Record excerpts START
(* Let $T$ be a p-string of length $n$ over disjoint alphabets $\Sigma$ and $\Pi$, with $\sigma=|\Sigma|$ and $\pi=|\Pi|$. The right-to-left construction algorithm described below builds $\mathrm{PPH}(T[i..])$ for $i=n,\ldots,1$, and runs in a total of $O(n\log(\sigma+\pi))$ time with $O(n)$ space.
   Context: A p-string is a finite string over $\Sigma\cup\Pi$. For a string $S$, $S[i]$ is its $i$-th character, $S[i..j]$ is the substring from position $i$ to $j$ (empty if $j<i$), and $S[i..]=S[i..|S|]$. The previous encoding $\mathrm{prev}(S)$ of a p-string $S$ of length $n$ is the sequence of length $n$ defined by: - $\mathrm{prev}(S)[i]=S[i]$ if $S[i]\in\Sigma$; - $\mathrm{prev}(S)[i]=0$ if $S[i]\in\Pi$ does not occur in $S[1..i-1]$; - $\mathrm{prev}(S)[i]=i-j$ otherwise, where $j<i$ is the largest position with $S[j]=S[i]$. Sequence hash tree. Let $\langle S_1,\ldots,S_k\rangle$ be a sequence of strings with $S_1=\varepsilon$ and with $S_i$ not a prefix of $S_j$ for any $j<i$. Its sequence hash tree is built as follows. Start from a root representing $\varepsilon$. For $i=2,\ldots,k$, insert as a new node the shortest prefix $p_i$ of $S_i$ that is not yet a node. Attach it as a child of the longest prefix $q_i$ of $S_i$ that is already a node, via an edge labeled $S_i[|q_i|+1]$. $\mathrm{PPH}(T[i..])$ is the sequence hash tree of $\langle\varepsilon,\mathrm{prev}(T[n..]),\ldots,\mathrm{prev}(T[i..])\rangle$. Nodes are identified with their path labels, and $|v|$ is the depth. The node with id $j$ is the node inserted for $\mathrm{prev}(T[j..])$. Reversed suffix links are defined as follows: - $\mathrm{rslink}(a,v)=av$ if $a\in\Sigma\cup\{0\}$ and $av$ is a node; - $\mathrm{rslink}(a,v)=0\,v[1..a-1]\,a\,v[a+1..|v|]$ if $a\in\{1,\ldots,n-1\}$, $v[a]=0$, and that string is a node; - otherwise $\mathrm{rslink}(a,v)$ is undefined. An auxiliary node $\perp$ of depth $-1$ is the parent of the root $r$, with $\mathrm{rslink}(a,\perp)=r$ for $a\in\Sigma\cup\{0\}$. Algorithm. Start from the heap consisting of the root only. For each position, maintain (for example, in a balanced search tree) the nearest next occurrence of each p-character, so that $\mathrm{prev}(T[i-1..])$ can be obtained from $\mathrm{prev}(T[i..])$. Children and reversed suffix links of each node are stored in balanced search trees keyed by their labels. To update $\mathrm{PPH}(T[i..])$ to $\mathrm{PPH}(T[i-1..])$, let $v_i$ be the node with id $i$ and walk up from $v_i$ to the ancestor $v'_i$ determined as follows: 1. If $T[i-1]\in\Sigma$, $v'_i$ is the lowest ancestor with $\mathrm{rslink}(T[i-1],v'_i)$ defined. 2. If $T[i-1]\in\Pi$ does not occur in $T[i..]$, $v'_i$ is the lowest ancestor with $\mathrm{rslink}(0,v'_i)$ defined. 3. Otherwise, with $j\ge i$ the smallest position having $T[j]=T[i-1]$ and $d=j-(i-1)$, $v'_i$ is the lowest ancestor with $\mathrm{rslink}(d,v'_i)$ defined if one exists, and otherwise the lowest ancestor with $\mathrm{rslink}(0,v'_i)$ defined. Let $u_i$ be the target of that link. Insert a new node $v_{i-1}$ (id $i-1$) as a child of $u_i$ with edge label $\mathrm{prev}(T[i-1..])[|u_i|+1]$. Add the single new reversed suffix link pointing to $v_{i-1}$, from the ancestor of $v_i$ of depth $|v'_i|+1$. Links from $\perp$ for s-characters are added only when the character first occurs.
   Formalization: In case 3, the walk up from $v_i$ seeks a d-link at ancestors of depth ≥ d and a 0-link at shallower ones, and the new reversed suffix link is keyed d or 0 by its source's depth. Each condition added here is assumed in the paper as well or is needed for the statement above to hold. *)

From mathcomp Require Import all_boot.
Set Implicit Arguments. Unset Strict Implicit. Unset Printing Implicit Defensive.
Record excerpts END
What you should do: In the answer, please give only the lines from the line containing "Formalization: In case" through the final line of the data, copied exactly.

Your response:
   Formalization: In case 3, the walk up from $v_i$ seeks a d-link at ancestors of depth ≥ d and a 0-link at shallower ones, and the new reversed suffix link is keyed d or 0 by its source's depth. Each condition added here is assumed in the paper as well or is needed for the statement above to hold. *)

From mathcomp Require Import all_boot.
Set Implicit Arguments. Unset Strict Implicit. Unset Printing Implicit Defensive.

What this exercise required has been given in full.